Build result: FAILURE - Could not check out parent git hash "6171238cb7e9e8616d21ce09d463e945ce0a9fb8". It was not found in the repository. Did you configure the "Parent Revision" in Phabricator properly? Trying to apply the patch to the master branch instead...

ERROR: arc patch failed with error code 1. Check build log for details.
Log files: console-log.txt, CMakeCache.txt

High level comments based on offline discussion:

I think we want to define/formalize the concept of a near miss, to make precise the tradeoffs between false positives, false negatives, and implementability.
Not just at the individual level (an index occurrence vs a lexed occurrence) but at a whole-document level.
A possible definition, intuitively finding the locations where the indexed occurrences are now spelled:

  • a near miss maps all of the name occurrences in the index onto a subset of the lexed occurrences. (names may refer to more than one thing)
  • indexed occurrences must all be mapped. Result must be distinct, and preserve order. (Support only simple edits to ensure our mapping is robust)
  • each indexed->lexed correspondence may change row or column but not both (increases chance our mapping is robust)

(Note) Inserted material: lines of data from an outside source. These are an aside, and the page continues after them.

(* Let $L$ be a real Galois extension of $\mathbb{Q}$ with Galois group isomorphic to $\mathbb{Z}/2\mathbb{Z}\times\mathbb{Z}/2\mathbb{Z}$, let $u_1,u_2,u_3>1$ be the fundamental units of its three quadratic subfields, ordered so that $u_1<u_2<u_3$, and let $E=\{u_1^{m_1}u_2^{m_2}u_3^{m_3}:m_i\in\mathbb{Z}\}$. Put $X_1=\log u_2\log u_3$, $X_2=\log u_1\log u_3$, $X_3=\log u_1\log u_2$. For integers $n_1,n_2,n_3$ let $w=n_1\operatorname{LOG}(u_2)\wedge\operatorname{LOG}(u_3)+n_2\operatorname{LOG}(u_1)\wedge\operatorname{LOG}(u_3)+n_3\operatorname{LOG}(u_1)\wedge\operatorname{LOG}(u_2)$. Then $$\|w\|_1=4\big(\max\{|n_2X_2|,|n_3X_3|\}+\max\{|n_1X_1|,|n_2X_2|\}+\max\{|n_1X_1|,|n_3X_3|\}\big)\ge 8\max\{|n_1X_1|,|n_2X_2|,|n_3X_3|\},$$ and consequently every nonzero $w\in\bigwedge^2\operatorname{LOG}(E)$ satisfies $\|w\|_1\ge 8\log(u_1)\log(u_2)$.
   Context: For a totally real number field $L$, $\operatorname{LOG}:\mathcal{O}_L^*\to\mathbb{R}^{\mathcal{A}_L}$, $\operatorname{LOG}(\gamma)=(\log|\tau(\gamma)|)_\tau$, indexed by the real embeddings $\tau$ of $L$. With the standard orthonormal basis $\{\delta^v\}$ of $\mathbb{R}^{\mathcal{A}_L}$ and $\delta^I=\delta^{v_1}\wedge\cdots\wedge\delta^{v_j}$ for $j$-subsets $I$, the 1-norm of $w=\sum_I c_I\delta^I\in\bigwedge^j\mathbb{R}^{\mathcal{A}_L}$ is $\|w\|_1=\sum_I|c_I|$. For a subgroup $H\subseteq\mathcal{O}_L^*$, $\bigwedge^2\operatorname{LOG}(H)$ is the subgroup generated by all $\operatorname{LOG}(a)\wedge\operatorname{LOG}(b)$ with $a,b\in H$. *)

From HB Require Import structures.
From mathcomp Require Import all_boot all_order all_algebra all_fingroup all_field.
From mathcomp Require Import all_classical all_reals all_analysis.
Set Implicit Arguments. Unset Strict Implicit. Unset Printing Implicit Defensive.
Import Order.TTheory GRing.Theory Num.Theory.
Local Open Scope ring_scope.

Definition is_alg_int (L : fieldExtType rat) (x : L) : Prop :=
  exists p : {poly int}, p \is monic /\ root (map_poly (intr : int -> L) p) x.

Definition is_OK_unit (L : fieldExtType rat) (K : {subfield L}) (x : L) : Prop :=
  [/\ x \in K, x != 0, is_alg_int x & is_alg_int x^-1].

Then we can use a greedy algorithm to find a match (or memoized DFS to enumerate/compare all matches)

A good metric for comparing competing mappings might be the sum of the implied edit sizes between successive entries.
i.e. if the first three mappings are offset by 1 column down, and the last is offset by 2 columns down, then this implies an insertion of 1 line at the top of the file and 1 line between edits 3 and 4, for a total of 2.

subset is fine/good to handle as a special case - if the subset is small we don't want to find it by search.

clang-tools-extra/clangd/refactor/Rename.cpp
388

I think this is just
return std::includes(Superset.begin, Superset.end(), Subset.begin(), Subset.end());
(probably clear enough to just inline to the callsite)

567

That doesn't mean you need std::move to get a move, it just means you can't avoid calling the move constructor.
https://godbolt.org/z/Rh-CvT

sammccall added inline comments.Dec 2 2019, 7:14 AM
clang-tools-extra/clangd/refactor/Rename.h
96

Oops, forgot this...
I think the public API isn't quite right here - exposing parts for testing is fine, but the classification itself isn't fine grained enough I think. (Too easy to write a test that "passes" but the actual mapping found isn't the right one).

And the class structure wrapping a LangOpts ref seems like a detail that can be hidden.

I'd like to see:

  • a function that returns the lexed ranges from a StringRef/LangOpts
  • a function that constructs the mapping given two sequences of ranges (like getMappedRanges(ArrayRef<Range>, ArrayRef<Range>) -> vector<Range>
  • a function that ties these together to the data structures we care about (i.e. taking Code + identifier + LangOpts + ArrayRef<Ref> or so)

then you can unit test the first and second and smoke test the third.

Tests like

Indexed = "int [[x]] = 0; void foo(int x);";
Draft = "double [[x]] = 0; void foo(double x);";
verifyRenameMatches(Indexed, Draft);
hokein updated this revision to Diff 232101.Dec 4 2019, 5:52 AM
hokein marked 3 inline comments as done.

address comments

  • re-define the concept of a near miss
  • add metric for evaluate how good a near miss is
hokein added inline comments.Dec 4 2019, 5:53 AM
clang-tools-extra/clangd/refactor/Rename.h
96

a function that returns the lexed ranges from a StringRef/LangOpts

There is an existing function collectIdentifierRanges in SourceCode.cpp, and it has been unittested.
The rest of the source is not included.